New ED Data Show National Student Loan Cohort Default Rate Drops 6 Percent

By Allie Bidwell, NASFAA Senior Reporter

The national cohort default rate for federal student loans dropped significantly for loans that entered repayment in 2015, according to new data from the Department of Education (ED). Still, a dozen institutions may be in danger of losing their eligibility to receive federal student aid due to high institutional default rates.

The annual data, publicly released on Wednesday, show that the national three-year default rate decreased from 11.5 percent for loans that entered repayment in fiscal year 2014 to 10.8 percent for loans that entered repayment in fiscal year 2015, a decrease of 6.1 percent.
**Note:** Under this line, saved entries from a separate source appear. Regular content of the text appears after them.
Lemma wt_cPD v j : #|dot_image v| = (2 ^ j)%N -> wt (cP Ds v) = (2 ^ s - 2 ^ (s - j))%N.
Proof.
move=> Wj; have sKD : dot_kernel v \subset D by apply/subsetP => d /setIdP [].
have -> : wt (cP Ds v) = (#|D| - #|dot_kernel v|)%N.
  rewrite wt_cP -(setIidPr sKD) -cardsD; apply: eq_card => d.
  rewrite in_set in_setD1 in_setD [d \in dot_kernel v]in_set.
  case: (d =P 0) => [-> | _]; rewrite ?dot0r ?eqxx /= ?andbT ?andNb //.
  by case: (d \in D); rewrite /= ?andbT.
have js : (j <= s)%N by rewrite -(@dvdn_Pexp2l 2) // -Wj -card_D (card_D_dot v) dvdn_mulr.
rewrite card_D; congr (_ - _)%N; apply/eqP.
by rewrite -(eqn_pmul2l (expn_gt0 2 j)) -expnD subnKC // -Wj -card_D_dot card_D.
Qed.

Lemma dot_ind_dv S A B C :
  dot (ind F S) (dv A B C) = omcomb (odd #|A :&: S|) (odd #|B :&: S|) (odd #|C :&: S|).
Proof. by rewrite dot_dv !sum_ind /omcomb -!natr_odd. Qed.

Definition meet_count S := ((L :&: S != set0) + (M :&: S != set0) + (N :&: S != set0))%N.

Lemma card_dot_image_ind S : #|dot_image (ind F S)| = (2 ^ meet_count S)%N.
Proof.
pose T X := [set b : bool | b ==> (X :&: S != set0)].
pose omcomb3 (t : bool * bool * bool) := omcomb t.1.1 t.1.2 t.2.
have omcomb3_inj : injective omcomb3 by move=> [[? ?] ?] [[? ?] ?] /omcomb_inj /= [-> -> ->].
have oddT X A : A \subset X -> odd #|A :&: S| ==> (X :&: S != set0).
  by move=> sAX; apply/(odd_card_setI_subset S X); exists A.
have -> : dot_image (ind F S) = omcomb3 @: setX (setX (T L) (T M)) (T N).
  apply/setP => y; apply/imsetP/imsetP => [[_ /memDP [A [B [C [sA sB sC ->]]]] ->] | ].
    exists (odd #|A :&: S|, odd #|B :&: S|, odd #|C :&: S|); rewrite ?dot_ind_dv //.
    by rewrite !inE /= (oddT _ _ sA) (oddT _ _ sB) (oddT _ _ sC).
  move=> [[[x y'] z] /[!inE] /= /andP [/andP [xL yM] zN] ->].
  have [A sA <-] := (odd_card_setI_subset S L x).2 xL.
  have [B sB <-] := (odd_card_setI_subset S M y').2 yM.
  have [C sC <-] := (odd_card_setI_subset S N z).2 zN.
  by exists (dv A B C); rewrite ?dot_ind_dv //; apply/memDP; exists A, B, C.
by rewrite card_imset // !cardsX !card_implyb -!expnD.
Qed.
ED changed its formula for calculating cohort default rates several years ago to capture the percentage of loans in default three years after beginning repayment. Previously, cohort default rates followed loan repayment for two years.
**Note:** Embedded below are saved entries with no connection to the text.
Definition sort_pair (a b : 'I_d) : pairIdx d :=
  match leqP a b with
  | LeqNotGtn ab => exist _ (a, b) ab
  | GtnNotLeq ba => exist _ (b, a) (ltnW ba)
  end.

Lemma sort_pair_cnt a b i :
  (((val (sort_pair a b)).1 == i) + ((val (sort_pair a b)).2 == i))%N =
  ((a == i) + (b == i))%N.
Proof. by rewrite /sort_pair; case: leqP => //= _; rewrite addnC. Qed.

Lemma ksum_kvec nu : (\sum_i nu i <= 4)%N -> ksum (kvec nu) = (\sum_i nu i)%N.
Proof.
move=> sum_le4; apply: eq_bigr => i _; rewrite kvecK //.
by apply: leq_trans sum_le4; rewrite (bigD1 i) //= leq_addr.
Qed.

Definition unit_vec (b : 'I_d) : {ffun 'I_d -> 'I_5} := kvec (fun i => (b == i : nat)).

Definition pair_vec (r : pairIdx d) : {ffun 'I_d -> 'I_5} :=
  kvec (fun i => ((val r).1 == i) + ((val r).2 == i))%N.

Lemma unit_vecE b i : unit_vec b i = (b == i) :> nat.
Proof. by rewrite kvecK //; case: eqP. Qed.

Lemma pair_vecE r i : (pair_vec r i = ((val r).1 == i) + ((val r).2 == i) :> nat)%N.
Proof. by rewrite kvecK //; case: (_ == i); case: (_ == i). Qed.

Lemma ksum_unit_vec b : ksum (unit_vec b) = 1%N.
Proof. by rewrite ksum_kvec sum_delta. Qed.

Lemma ksum_pair_vec r : ksum (pair_vec r) = 2%N.
Proof. by rewrite ksum_kvec big_split /= !sum_delta. Qed.

Lemma ksum0 g : ksum g = 0%N -> g = kvec (fun=> 0%N).
Proof.
move/eqP; rewrite sum_nat_eq0 => /forallP g0.
by rewrite -[g in LHS]kvec_val; apply: eq_kvec => i; apply/eqP/(implyP (g0 i)).
Qed.

Lemma ksum1_codom g : ksum g = 1%N -> g \in codom unit_vec.
Proof.
move/nat_vec_sum1 => [b gE]; apply/codomP; exists b.
by rewrite -[g in LHS]kvec_val; apply: eq_kvec.
Qed.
The federal default rate captured in the new data measures the percentage of borrowers who entered repayment between Oct. 1, 2014 and Sept. 30, 2015 and subsequently defaulted prior to Sept. 30, 2017. During that time, more than 4.9 million borrowers entered repayment, compared with about 5 million during the previous cohort. Of the 4.9 million who entered repayment, 531,653 defaulted on their loans.

Individual institutions with default rates of 30 percent or higher for three consecutive years, greater than 40 percent for one year – or both – are subject to sanctions, including a loss of eligibility for one or more federal student aid programs. Under the new data, 10 institutions (seven proprietary schools, two public, and one private institution) are subject to sanctions, unless they successfully appeal to ED.

Broken down by sector, the cohort default rate decreased from 11.3 percent to 10.3 percent among public institutions, and from 7.4 percent to 7.1 percent among private nonprofit institutions. The cohort default rate increased slightly from 15.5 percent to 15.6 percent among for-profit institutions, which represent 38 percent of all institutions.

Overall, one public institution, two private nonprofit institutions, and nine for-profit institutions had default rates, making them subject to sanctions, unless they successfully appeal to ED.

Those schools are:

  • CA—Corona—Advance Beauty Techs Academy

  • FL—Oakland Park—Florida Academy of Health and Beauty

  • IL—Chicago—Larry's Barber College

  • KY—Cumberland—Southeast Kentucky Community and Technical College

  • MA—Worcester—Rob Roy Academy

  • NY—Niagara Falls—Cheryl Fell's School of Business

  • NY—Rochester—Sharp Edge Barber Institute

  • ND—Bismarck—United Tribes Technical College

  • PA—Lancaster—Champ's Barber School

  • PR—Saint Just—Theological University of the Caribbean

  • TN—Madison—Nashville Barber and Style Academy

  • WI—Beloit—First Class Cosmetology School

According to ED, five of those institutions were subject to sanctions for having a cohort default rate of 40 percent or more for one year, five are in jeopardy for having a default rate of 30 percent or more for three years, and two fell into both categories.

However, two of the institutions—Southeast Kentucky Community and Technical College and United Tribes Technical College—may be safe from receiving sanctions due to a provision written into the 2018 spending bill, which allows the Secretary of Education to give exemption to institutions in high-poverty areas.

 

Publication Date: 9/27/2018


Allie B | 10/3/2018 11:57:43 AM

Hi Jan,

The 0.7 decrease is the percentage point decrease. The percent change is actually 6 percent. You can calculate the change here: percent-change.com. It's confusing, but 6 percent is correct!

Best,
Allie Bidwell

Jan B | 10/2/2018 8:51:12 AM

So, maybe there's something about math I missed in school, but when I do the math here:

The annual data, publicly released on Wednesday, show that the national three-year default rate decreased from 11.5 percent for loans that entered repayment in fiscal year 2014 to 10.8 percent for loans that entered repayment in fiscal year 2015, a decrease of 6.1 percent. ED changed its formula for calculating cohort default rates several years ago to capture the percentage of loans in default three years after beginning repayment. Previously, cohort default rates followed loan repayment for two years.

11.5 minus 10.8 is .7 percent decrease (that's point seven percent). Does the headline need to be corrected, maybe? or did I miss something in math class?